Collection: Leonardo Da Vinci

Leonardo Da Vinci

Leonardo da Vinci was an artist and specialist who is most popular for his paintings, prominently the Mona Lisa (c. 1503โ€“19) and the Last Supper (1495โ€“98). His drawing of the Vitruvian Man (c. 1490) has likewise become a social symbol. Leonardo is once in a while credited as the inventor of the tank, helicopter, parachute, and flying machine, among different vehicles and gadgets, yet later grant has contested such cases. Regardless, Leonardo's note pads uncover a sharp acumen, and his commitments to art, including techniques for speaking to space, three-dimensional articles, and the human figure, can't be exaggerated.

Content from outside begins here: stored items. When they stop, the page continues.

(* Let $\Omega=(0,1)^2$, let $N$ be an even positive integer, $h=1/N$, and let $\mathcal T_h=\{Q_{jk}\}_{j,k=1}^N$ be the uniform partition of $\Omega$ into squares $Q_{jk}=((j-1)h,jh)\times((k-1)h,kh)$. Let real coefficients $\xi_{jk},\eta_{jk}$ ($1\le j,k\le N-1$) be given and set $$\mathbf u_h=\sum_{j,k=1}^{N-1}\binom{\xi_{jk}}{\eta_{jk}}\phi_{jk}+\binom{1/2}{0}\Big[\sum_{j=1}^{N-1}\phi_{j,N}+\psi_{2,TL}+\psi_{2,TR}\Big],$$ with $\phi_{jk}$, $\psi_{2,TL}$, $\psi_{2,TR}$ as described in the context. Suppose that $$\sum_{Q\in\mathcal T_h}\int_Q(\nabla\cdot\mathbf u_h)\,q_h\,d\mathbf x=0\qquad\text{for all } q_h\in\widetilde{\mathscr P}_0^h .$$ Then $$\Big|\int_{Q_{jk}}\nabla\cdot\mathbf u_h\,d\mathbf x\Big|=h^3\qquad\text{for all } Q_{jk}\in\mathcal T_h,$$ and these integrals alternate in sign in a checkerboard pattern: there is a number $\gamma$ with $|\gamma|=h^3$ such that $\int_{Q_{jk}}\nabla\cdot\mathbf u_h\,d\mathbf x=\gamma$ whenever $j+k$ is even and $=-\gamma$ whenever $j+k$ is odd.
   Context: Divergence and gradients are taken elementwise on each square $Q\in\mathcal T_h$. Nonconforming $P_1$ basis functions: for a vertex $V_{jk}=(jh,kh)$ with $1\le j\le N-1$, $1\le k\le N$, $\phi_{jk}$ is the function which on each square $Q\in\mathcal T_h$ is a polynomial of degree at most one, is supported on the (at most four) squares having $V_{jk}$ as a vertex, and on each such square takes the value $1$ at the midpoints of the two edges of that square having $V_{jk}$ as an endpoint and the value $0$ at the midpoints of the other two edges. (So for $k\le N-1$ these are the usual basis functions of the $P_1$-nonconforming quadrilateral space vanishing at boundary edge midpoints; $\phi_{j,N}$, attached to a vertex on the top side $y=1$, is supported on $Q_{j,N}\cup Q_{j+1,N}$ and equals $1$ at the top-edge midpoints $((j-\tfrac12)h,1)$, $((j+\tfrac12)h,1)$.) DSSY corner functions: on the reference square $\widehat Q=[-1,1]^2$ let $\theta(t)=t^2-\tfrac53 t^4$ and $\widehat\psi_2(\widehat x,\widehat y)=\tfrac14+\tfrac12\widehat y+\tfrac38\big(\theta(\widehat x)-\theta(\widehat y)\big)$, which equals $1$ at the edge midpoint $(0,1)$ and $0$ at the edge midpoints $(1,0),(-1,0),(0,-1)$. For a square $Q$ with center $c_Q$ let $F_Q(\widehat x,\widehat y)=c_Q+\tfrac h2(\widehat x,\widehat y)$. Then $\psi_{2,TL}=\widehat\psi_2\circ F_{Q_{1N}}^{-1}$ on $Q_{1N}$ and $0$ elsewhere, and $\psi_{2,TR}=\widehat\psi_2\circ F_{Q_{NN}}^{-1}$ on $Q_{NN}$ and $0$ elsewhere (the top-left and top-right corner squares). Pressure space: call $Q_{jk}$ red if $j+k$ is even and black if $j+k$ is odd, and let $\Omega^R,\Omega^B$ be the unions of red, respectively black, squares. $\widetilde{\mathscr P}_0^h$ is the space of functions that are constant on each $Q_{jk}$ and satisfy $\int_{\Omega^R}q_h\,d\mathbf x=0$ and $\int_{\Omega^B}q_h\,d\mathbf x=0$ (equivalently, the direct sum of the mean-zero piecewise constants supported on red squares and those supported on black squares; its dimension is $N^2-2$). *)

From Stdlib Require Import Reals Arith Bool.
From Coquelicot Require Import Coquelicot.
Open Scope R_scope.
Local Open Scope bool_scope.
Lemma ann_ext_pow_sub_image n z : gen_card_le (ideal_pow a n) K ->
  (forall s, ideal_pow (ideal_ext h a) n s -> s *: z = 0) -> exists x, rho x = z.
Proof.
move=> gen z_ann.
have [c [an_c c_gen]] := gen_card_le_family (ideal_pow_ideal a n) gen.
pose phi (m : M) : prodmod K M := fun k => c k *: m.
have phi_lin : linear phi.
  move=> r m m'; apply: functional_extensionality => k.
  by rewrite prodmod_addE prodmod_scaleE /phi scalerDr !scalerA mulrC.
have [W [p [i [p_surj i_inj i_p]]]] := linear_epi_mono_factor (as_linear phi_lin).
have [TW [tW bcW]] := base_change_exists h W.
have [g g_def] := base_change_map i bcW bc2.
have g_inj := h_flat i_inj bcW bc2 g_def.
have [psi psi_def] := base_change_map p bc1 bcW.
have eps_g_psi w k : eps (g (psi w)) k = h (c k) *: w.
  move: w; apply: (base_change_span (P := fun w => eps (g (psi w)) k = h (c k) *: w)) bc1 _ _.
    split=> [|w w' ew ew'|r w ew]; first by rewrite !linear0.
      by rewrite !linearD prodmod_addE ew ew'.
    have -> : eps (g (psi (r *: w))) = r *: eps (g (psi w)) by rewrite !linearZ.
    by rewrite prodmod_scaleE ew scalerA mulrC -scalerA.
  move=> s m; rewrite psi_def g_def i_p eps_def /=.
  exact: bilin_scaler bc1.1 s (c k) m.
have psi_z : psi z = 0.
  apply: g_inj; apply: eps_inj; rewrite !linear0.
  apply: functional_extensionality => k; rewrite eps_g_psi.
  exact/z_ann/ideal_pow_ext/an_c.
have ker_p m : p m = 0 -> exists y, j y = m.
  move=> /(congr1 i); rewrite i_p linear0 => phi_m.
  apply: Gamma_j; exists n; apply: c_gen (ann_ideal m) _ => k.
  by move: phi_m => /(congr1 (fun v : prodmod K M => v k)).
exact: (base_change_right_exact p_surj ker_p bc1 bcW psi_def rho_def psi_z).
Qed.

End TorsionOfBaseChange.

The one of a kind popularity that Leonardo appreciated in his lifetime and that, separated by historical analysis, has stayed undimmed to the present day lays to a great extent on his boundless want for information, which guided all his reasoning and conduct. An artist by mien and gift, he believed his eyes to be his fundamental road to information; to Leonardo, sight was man's most elevated sense since only it passed on the realities of experience quickly, effectively, and with conviction. Consequently, every marvel apparent turned into an object of information, and saper vedere ("knowing how to see") turned into the extraordinary subject of his examinations. He applied his innovativeness to each domain wherein realistic portrayal is utilized: he was a painter, sculptor, modeler, and specialist. Yet, he went even past that. He utilized his brilliant keenness, uncommon forces of perception, and dominance of the art of attracting to examine nature itself, a line of request that permitted his double quest for art and science to prosper.

In 1482 Leonardo moved to Milan to work in the administration of the city's dukeโ€”an astounding advance when one understands that the 30-year-old artist had recently gotten his first significant payments from his local city of Florence: the incomplete board painting Adoration of the Magi for the religious community of San Donato a Scopeto and a special stepped area painting for the St. Bernard Chapel in the Palazzo della Signoria, which was never started. That he surrendered the two tasks seems to demonstrate that he had further purposes behind leaving Florence. It might have been that the fairly complex soul of Neoplatonism winning in the Florence of the Medici contradicted some common norms of Leonardo's experience-situated personality and that the more severe, scholastic environment of Milan pulled in him. Additionally, he was no uncertainty lured by Duke Ludovico Sforza's splendid court and the significant ventures anticipating him there.